The Navy thinks the other weapon prototype it discussed this week, the electromagnetic railgun, will save money while providing a more potent force.
The gun uses electromagnetic force to send a missile to a range of 125 miles at 7.5 times the speed of sound, according to the Navy. When it hits its target, the projectile does its damage with sheer speed. It does not have an explosive warhead.
“The electromagnetic railgun represents an incredible new offensive capability for the U.S. Navy,” Rear Adm.
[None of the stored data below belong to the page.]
Lemma coef0_binser N c : (0 < N)%N -> (binser N c)`_0 = 1.
Proof. by move=> N_gt0; rewrite coef_binser // big_ord1 gbinom0 expr0 !scale1r coef1. Qed.

Lemma binserM N a b : binser N a * binser N b = binser N (a + b) %[modX N].
Proof.
rewrite -comp_polyM -take_poly_comp // -[RHS]take_poly_comp //.
congr (take_poly _ (_ \Po _)); apply/polyP => j.
rewrite !coef_take_poly coef_poly; case: ltnP => // lt_jN.
rewrite coefM -gbinom_Vandermonde scaler_suml; apply: eq_bigr => i _ /=.
have le_ij : (i <= j)%N by rewrite -ltnS.
rewrite !coef_poly (leq_ltn_trans le_ij lt_jN) (leq_ltn_trans (leq_subr i j) lt_jN).
by rewrite mulr_algl scalerA.
Qed.

Lemma deriv_binpoly N c : (binpoly N.+1 c)^`() = c%:A *: binpoly N (c - 1).
Proof.
apply/polyP => j; rewrite coef_deriv coefZ !coef_poly ltnS.
case: ltnP => _; last by rewrite mul0rn mulr0.
by rewrite scalerMnl -mulr_natr mul_gbinom_diag mulr_algl scalerA.
Qed.

Lemma binser_Euler N c :
  'X * (binser N c)^`() = (c%:A)%:P * ('X * u^`() * binser N (c - 1)) %[modX N].
Proof.
case: N => [|N]; first by rewrite !take_poly0l.
rewrite /binser deriv_comp deriv_binpoly comp_polyZ -mul_polyC mulrAC.
rewrite -!mulrA [in RHS]mulrCA !take_polyXM; congr (_ * _).
by do 2!apply: eqmodX_mul => //; rewrite (take_binser _ (leqnSn N)).
Qed.

Lemma coef_binser_Euler N c n : (n < N)%N ->
  c%:A * ('X * u^`() * binser N (c - 1))`_n = (binser N c)`_n *+ n.
Proof.
move=> lt_nN; have /(congr1 (coefp n)) := binser_Euler N c.
by rewrite /= !coef_take_poly lt_nN coefCM coefX_deriv.
Qed.

(* rho - t u'/(1 + u), with 1/(1 + u) = (1 + u)^(-1). *)
Definition psiser N (rho : rat) : {poly R} :=
  (rho%:A)%:P - 'X * u^`() * binser N (-1).

Lemma binser_psiser N rho c :
  binser N c * psiser N rho
    = (rho%:A)%:P * binser N c - 'X * u^`() * binser N (c - 1) %[modX N].
Proof.
rewrite /psiser mulrBr mulrC !linearB; congr (_ - _).
by rewrite mulrCA; apply: eqmodX_mul => //; apply: binserM.
Qed.

Lemma coef_binser_psiser N (rho : rat) n : rho != 0 -> (n < N)%N ->
  (binser N (n%:R / rho) * psiser N rho)`_n = rho%:A *+ (n == 0)%N.
Proof.
move=> rho_neq0 lt_nN; rewrite (coef_eqmodX (binser_psiser _ _ _) lt_nN) coefB coefCM.
case: n lt_nN => [|n] lt_nN.
  by rewrite coef0_binser // -mulrA coefXM subr0 mulr_algl.
set c := n.+1%:R / rho; have c_neq0 : c != 0 by rewrite mulf_neq0 ?invr_eq0 ?pnatr_eq0.
apply: (scalerI c_neq0); rewrite mulr0n scaler0 scalerBr.
rewrite -[c *: ('X * _ * _)`__]mulr_algl coef_binser_Euler //.
by rewrite scalerAl scalerA divfK // scaler_nat mulr_natl subrr.
Qed.

Lemma binser_Euler_psiser N (rho : rat) b :
  ((rho * b)%:A)%:P * binser N b - 'X * (binser N b)^`()
    = (b%:A)%:P * (binser N b * psiser N rho) %[modX N].
Proof.
rewrite (eqmodX_mul (erefl (take_poly N (b%:A)%:P)) (binser_psiser _ _ _)).
rewrite mulrBr !linearB /= binser_Euler; congr (take_poly _ _ - _).
by rewrite mulrA -polyCM mulr_algl scalerA [b * rho]mulrC.
Qed.

Lemma coef_binser_psiser_binser N (rho : rat) a b n : rho != 0 -> (n < N)%N ->
  a + b = n%:R / rho ->
  (binser N a * psiser N rho * binser N b)`_n = rho%:A *+ (n == 0)%N.
Proof.
move=> rho_neq0 lt_nN ab; rewrite -(coef_binser_psiser rho_neq0 lt_nN) -ab.
apply: coef_eqmodX lt_nN; rewrite mulrAC.
by apply: eqmodX_mul => //; apply: binserM.
Qed.

Lemma coef_binser_mul_Euler N (rho : rat) a b n : rho != 0 -> (n < N)%N ->
  a + b = n%:R / rho ->
  (binser N a * (((rho * b)%:A)%:P * binser N b - 'X * (binser N b)^`()))`_n
    = (rho * b)%:A *+ (n == 0)%N.
Proof.
move=> rho_neq0 lt_nN ab.
have -> : (rho * b)%:A *+ (n == 0)%N = b%:A * (rho%:A *+ (n == 0)%N) :> R.
  by rewrite mulrnAr mulr_algl scalerA mulrC.
rewrite -(coef_binser_psiser rho_neq0 lt_nN) -ab -coefCM.
apply: coef_eqmodX lt_nN; rewrite (eqmodX_mul (erefl _) (binser_Euler_psiser _ _ _)).
rewrite mulrCA; apply: eqmodX_mul => //; rewrite mulrA.
by apply: eqmodX_mul => //; apply: binserM.
Qed.

End BinomialSeries.

Section Toeplitz.
Variables (R : nzRingType) (m : nat).
Implicit Types p q : {poly R}.

Definition toepmx p : 'M[R]_m := \matrix_(i, j) if (j <= i)%N then p`_(i - j) else 0.

Lemma toepmxM p q : toepmx p *m toepmx q = toepmx (p * q).
Proof.
apply/matrixP => i k; rewrite !mxE.
pose F j := (if (j <= i)%N then p`_(i - j) else 0)
            * (if (k <= j)%N then q`_(j - k) else 0).
transitivity (\sum_(0 <= j < m) F j).
  by rewrite big_mkord; apply: eq_bigr => j _; rewrite !mxE.
have [le_ki | lt_ik] := leqP k i; last first.
  rewrite big1 // => j _; rewrite /F; case: leqP => [le_ji|]; last by rewrite mul0r.
  by rewrite leqNgt (leq_ltn_trans le_ji lt_ik) mulr0.
have lt_im := ltn_ord i.
rewrite (big_cat_nat (n := k)) //; last exact: leq_trans le_ki (ltnW lt_im).
rewrite (big_cat_nat (n := i.+1) (m := k)) //=; last exact: leqW.
rewrite big1_seq ?add0r => [|j]; last first.
  by rewrite mem_index_iota /F => /andP[_ /andP[_ lt_jk]]; rewrite (leqNgt k j) lt_jk mulr0.
rewrite [X in _ + X]big1_seq ?addr0 => [|j]; last first.
  by rewrite mem_index_iota /F => /andP[_ /andP[lt_ij _]]; rewrite (leqNgt j i) lt_ij mul0r.
rewrite -{1}[nat_of_ord k]add0n big_addn coefMr subSn // big_mkord; apply: eq_bigr => j _.
have le_jk_i : (j + k <= i)%N by have := ltn_ord j; lia.
by rewrite /F le_jk_i leq_addl addnK subnDA subnAC.
Qed.

Lemma col_diag_mul_toepmx (e : R) p k :
  col k (diag_mx (\row_j (e - j%:R)) *m toepmx p)
    = col k (toepmx ((e - k%:R)%:P * p - 'X * p^`())).
Proof.
apply/colP => j; rewrite mul_diag_mx !mxE; case: leqP => le_kj; last by rewrite mulr0.
rewrite coefB coefCM coefX_deriv -[_ *+ (j - k)]mulr_natl -mulrBl natrB //.
by rewrite opprB addrA subrK.
Qed.

End Toeplitz.

Lemma mulmx_row_col_eq (R : nzRingType) m n p (A A' : 'M[R]_(m, n))
    (B B' : 'M[R]_(n, p)) i k :
  row i A = row i A' -> col k B = col k B' -> (A *m B) i k = (A' *m B') i k.
Proof.
move=> rowA colB; rewrite !mxE; apply: eq_bigr => j _.
have := congr1 (fun M : 'M_(1, n) => M 0 j) rowA.
have := congr1 (fun M : 'M_(n, 1) => M j 0) colB.
by rewrite !mxE => -> ->.
Qed.

Section MatrixIdentities.
Variables (r m : nat).
Hypothesis r_gt0 : (0 < r)%N.

Local Notation u := (phi r - 1).

Lemma coef0_phi_sub1 : u`_0 = 0.
Proof.
rewrite /phi addrAC subrr add0r coef_sum big1 // => i _.
by rewrite coefCM coefXn mulr0.
Qed.

Lemma beta_binser c N j : (j < N)%N -> beta r c j = (binser u N c)`_j.
Proof.
move=> lt_jN; rewrite coef_binser ?coef0_phi_sub1 //=.
by under eq_bigr do rewrite -alg_mpolyC.
Qed.

Lemma beta_neg c (i j : nat) : (i < j)%N -> beta r c (i%:Z - j%:Z) = 0.
Proof.
move=> lt_ij; have : i%:Z - j%:Z < 0 by rewrite subr_lt0 ltz_nat.
by case: (i%:Z - j%:Z) => // n; rewrite ltz_nat.
Qed.

Lemma psi_coef_psiser N j : (j < N)%N -> psi_coef r j = (psiser u N r%:R)`_j.
Proof.
move=> lt_jN; rewrite /psi_coef /psiser coefB coefC coefM scaler_nat mulrb.
rewrite derivB derivC subr0; congr (_ - _); apply: eq_bigr => i _.
by rewrite (beta_binser _ (leq_ltn_trans (leq_subr i j) lt_jN)).
Qed.

Lemma Smat_psi_coef : @Smat r m (psi_coef r) = toepmx m (psiser u m r%:R).
Proof.
apply/matrixP => i j; rewrite !mxE; case: leqP => // _.
by rewrite (psi_coef_psiser (leq_ltn_trans (leq_subr _ _) (ltn_ord i))).
Qed.

Lemma row_Pmat lam i : row i (Pmat r lam) = row i (toepmx m (binser u m (lam i))).
Proof.
apply/rowP => j; rewrite !mxE; case: leqP => [le_ji | lt_ij]; last exact: beta_neg.
by rewrite subzn // (beta_binser _ (leq_ltn_trans (leq_subr _ _) (ltn_ord i))).
Qed.

Lemma col_Qmat mu k : col k (Qmat r mu) = col k (toepmx m (binser u m (mu k))).
Proof.
apply/colP => j; rewrite !mxE; case: leqP => [le_kj | lt_jk]; last exact: beta_neg.
by rewrite subzn // (beta_binser _ (leq_ltn_trans (leq_subr _ _) (ltn_ord j))).
Qed.

Lemma eq_ord_subn0 (i k : 'I_m) : (k <= i)%N -> ((i - k)%N == 0%N) = (i == k).
Proof. by move=> le_ki; rewrite subn_eq0 -(inj_eq val_inj) eqn_leq le_ki andbT. Qed.

Variables (e : rat) (mu : 'I_m -> rat).
Hypothesis muE : forall k, mu k = (e - k%:R) / r%:R.

Let r_neq0 : (r%:R : rat) != 0.
Proof. by rewrite pnatr_eq0 -lt0n. Qed.

Let mu_sub (i k : 'I_m) : (k <= i)%N -> - mu i + mu k = (i - k)%N%:R / r%:R.
Proof. by move=> le_ki; rewrite !muE natrB //; field. Qed.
Bryant Fuller, the Navy’s chief engineer, said in a statement. “This capability will allow us to effectively counter a wide range of threats at a relatively low cost, while keeping our ships and sailors safer by removing the need to carry as many high-explosive weapons.”
The railgun projectiles could cost about 1/100th the price of current missiles, according to Klunder.
The Navy said the railgun will be tested at sea aboard the USS Millinocket, a non-combat ship known as a joint high-speed vessel, in 2016. No decision has been made on which combat ships might eventually be deployed with a railgun.
No matter what ships are chosen, other Navy scientists said this week those vessels may someday draw their fuel from the oceans they’re crossing.
Researchers at the U.S. Naval Research Laboratory, Materials Science and Technology Division, said this week they have demonstrated proof-of-concept on the ability to draw carbon dioxide and hydrogen from seawater and turn it into forms of gasoline.
Heather Willauer, a Naval Research Laboratory chemist, called the technology “game changing.”
“This is the first time technology of this nature has been demonstrated with the potential for transition, from the laboratory, to full-scale commercial implementation,” she said in a statement.
The lab’s researchers used “an innovative and proprietary NRL electrolytic cation exchange module” to remove the carbon dioxide from the water and produce hydrogen gas in the process.
“The gases are then converted to liquid hydrocarbons by a metal catalyst in a reactor system,” the research lab’s statement said.
The fuel produced was used to power the engine of a small model aircraft, the researchers said.
The process could be ramped up to produce a replacement for jet fuel at a cost of $3 to $6 per gallon within a decade, the researchers said. That step would come on land, with versions to be used on ships coming later, they said.
Writing on the Navy’s official blog this week, Vice Adm. Phil Cullom, deputy chief of Naval Operations for Fleet Readiness and Logistics, also called the new technology “game changing” and potentially life saving.
“After more than a decade of war, our adversaries have found certain soft underbellies to our operations. They know that when you go after the logistics and resupply of fuel, that’s an easier target than confronting our frontline forces. What if we removed that from the equation? Can you imagine a time when an aircraft carrier doesn’t have to wait for the oiler to come steaming alongside it to deliver jet fuel? It truly does change things. It prevents what could one day be our ‘maritime IED moment,'” Cullom wrote.